(Stored items)
Lemma deg_leM d1 d2 f g :
  deg_le d1 f -> deg_le d2 g -> deg_le (d1 + d2) (fun x => f x * g x).
Proof.
elim=> [S f' S_le f'_dep|f1 f2 f' _ IH1 _ IH2 f'E] g_deg; last first.
  by apply: DegAdd (IH1 g_deg) (IH2 g_deg) _ => x /=; rewrite f'E mulrDl.
elim: g_deg => [T g' T_le g'_dep|g1 g2 g' _ IH1 _ IH2 g'E]; last first.
  by apply: DegAdd IH1 IH2 _ => x /=; rewrite g'E mulrDr.
apply: (@DegDepends _ (S :|: T)).
  by rewrite cardsU (leq_trans (leq_subr _ _)) // leq_add.
move=> x y xy /=; rewrite (f'_dep x y) ?(g'_dep x y) // => i i_in;
  by apply: xy; rewrite inE i_in ?orbT.
Qed.

Lemma deg_leZ d (c : algC) f : deg_le d f -> deg_le d (fun x => c * f x).
Proof. exact: deg_leM (deg_le_cst 0 c). Qed.

Lemma deg_le_conj d f : deg_le d f -> deg_le d (fun x => (f x)^*).
Proof.
elim=> [S g S_le g_dep|f1 f2 g _ IH1 _ IH2 gE].
  by apply: (DegDepends S_le) => x y xy; rewrite (g_dep x y).
by apply: DegAdd IH1 IH2 _ => x /=; rewrite gE rmorphD.
Qed.

End Degree.

Section Parity.
Variable n : nat.

Definition flip (j : 'I_n) (x : cube n) : cube n := [ffun i => (i == j) (+) x i].

Definition hamming (x : cube n) : nat := \sum_i x i.

Lemma flipK j : involutive (flip j).
Proof. by move=> x; apply/ffunP => i; rewrite !ffunE addKb. Qed.

Lemma sign_hamming_flip j x :
  (-1) ^+ hamming (flip j x) = - (-1) ^+ hamming x :> algC.
Proof.
rewrite /hamming (bigD1 j) // [in RHS](bigD1 j) //= ffunE eqxx !exprD.
rewrite (eq_bigr (fun i => x i : nat)) => [|i /negbTE ij]; last by rewrite ffunE ij.
by case: (x j); rewrite ?expr0 ?expr1 ?mul1r ?mulN1r ?opprK.
Qed.

Lemma sum_sign_hamming_deg_lt d (f : cube n -> algC) :
  deg_le d f -> (d < n)%N -> \sum_x (-1) ^+ hamming x * f x = 0.
Proof.
move=> f_deg d_lt; elim: f_deg => [S g S_le g_dep|f1 f2 g _ IH1 _ IH2 gE].
  have [j jS] : exists j, j \in ~: S.
    apply/card_gt0P; rewrite -(leq_add2l #|S|) cardsC card_ord addn1.
    exact: leq_ltn_trans S_le d_lt.
  set s := \sum_x _; suff s_opp : s = - s.
    have /eqP : s *+ 2 = 0 by rewrite mulr2n {1}s_opp addNr.
    by rewrite mulrn_eq0 => /eqP.
  rewrite /s [LHS](reindex_inj (inv_inj (flipK j))) -sumrN.
  apply: eq_bigr => x _; rewrite sign_hamming_flip mulNr (g_dep _ x) // => i iS.
  by rewrite ffunE; case: eqP => // ij; move: jS; rewrite -ij inE iS.
under eq_bigr do rewrite gE mulrDr.
by rewrite big_split /= IH1 IH2 addr0.
Qed.

Lemma sign_hamming_deg_ge d (f : cube n -> algC) :
  deg_le d f -> (forall x, 0 < (-1) ^+ hamming x * f x) -> (n <= d)%N.
Proof.
move=> f_deg f_sign; rewrite leqNgt; apply/negP => d_lt.
have /eqP := psumr_eq0P (fun x _ => ltW (f_sign x))
  (sum_sign_hamming_deg_lt f_deg d_lt) (i := [ffun=> false]) isT.
by rewrite gt_eqF ?f_sign.
Qed.

End Parity.

Section QueryDegree.
Variables (n a b : nat).

Definition local_rle (E : cube n -> rle) :=
  forall (i : 'I_n) (x y : cube n),
    x i = y i -> nth (0, 0)%N (E x) i = nth (0, 0)%N (E y) i.

Lemma deg_le_oracle m (E : cube n -> rle) z w :
  local_rle E -> deg_le 1 (fun x => oracle n a b m (E x) z w).
Proof.
move=> E_local; apply: (@DegDepends _ _ [set (enum_val w).1.1.1]); first by rewrite cards1.
move=> x y xy; rewrite !mxE; case: (enum_val w) xy => [[[i c] r] v] /= xy.
by rewrite (E_local i x y) ?xy ?set11.
Qed.

Lemma deg_le_run_state (Q : qalg n a b) (A B : cube n -> rle) t y :
  local_rle A -> local_rle B ->
  deg_le t (fun x => run_state Q (A x) (B x) t y 0).
Proof.
move=> A_local B_local; elim: t y => [|t IHt] y /=; first exact: deg_le_cst.
have query_local : local_rle (fun x => if sel Q t then A x else B x).
  by case: (sel Q t).
apply: eq_deg_le (_ : deg_le t.+1 (fun x => \sum_z U Q t.+1 y z *
   \sum_w oracle n a b (ws Q) (if sel Q t then A x else B x) z w
          * run_state Q (A x) (B x) t w 0)) => [x|].
  by rewrite !mxE; apply: eq_bigr => z _; rewrite !mxE; case: (sel Q t).
apply: deg_le_sum => z _; apply: deg_leZ; apply: deg_le_sum => w _.
exact: deg_leM (deg_le_oracle z w query_local) (IHt w).
Qed.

Exercise details:
Look above for the line with "Proof. exact: deg_leM (deg_le_cst 0 c). Qed." and the line with "Variable n : nat.". Write out those two lines and all the lines between them, exactly, and no others.

Solution:
Proof. exact: deg_leM (deg_le_cst 0 c). Qed.

Lemma deg_le_conj d f : deg_le d f -> deg_le d (fun x => (f x)^*).
Proof.
elim=> [S g S_le g_dep|f1 f2 g _ IH1 _ IH2 gE].
  by apply: (DegDepends S_le) => x y xy; rewrite (g_dep x y).
by apply: DegAdd IH1 IH2 _ => x /=; rewrite gE rmorphD.
Qed.

End Degree.

Section Parity.
Variable n : nat.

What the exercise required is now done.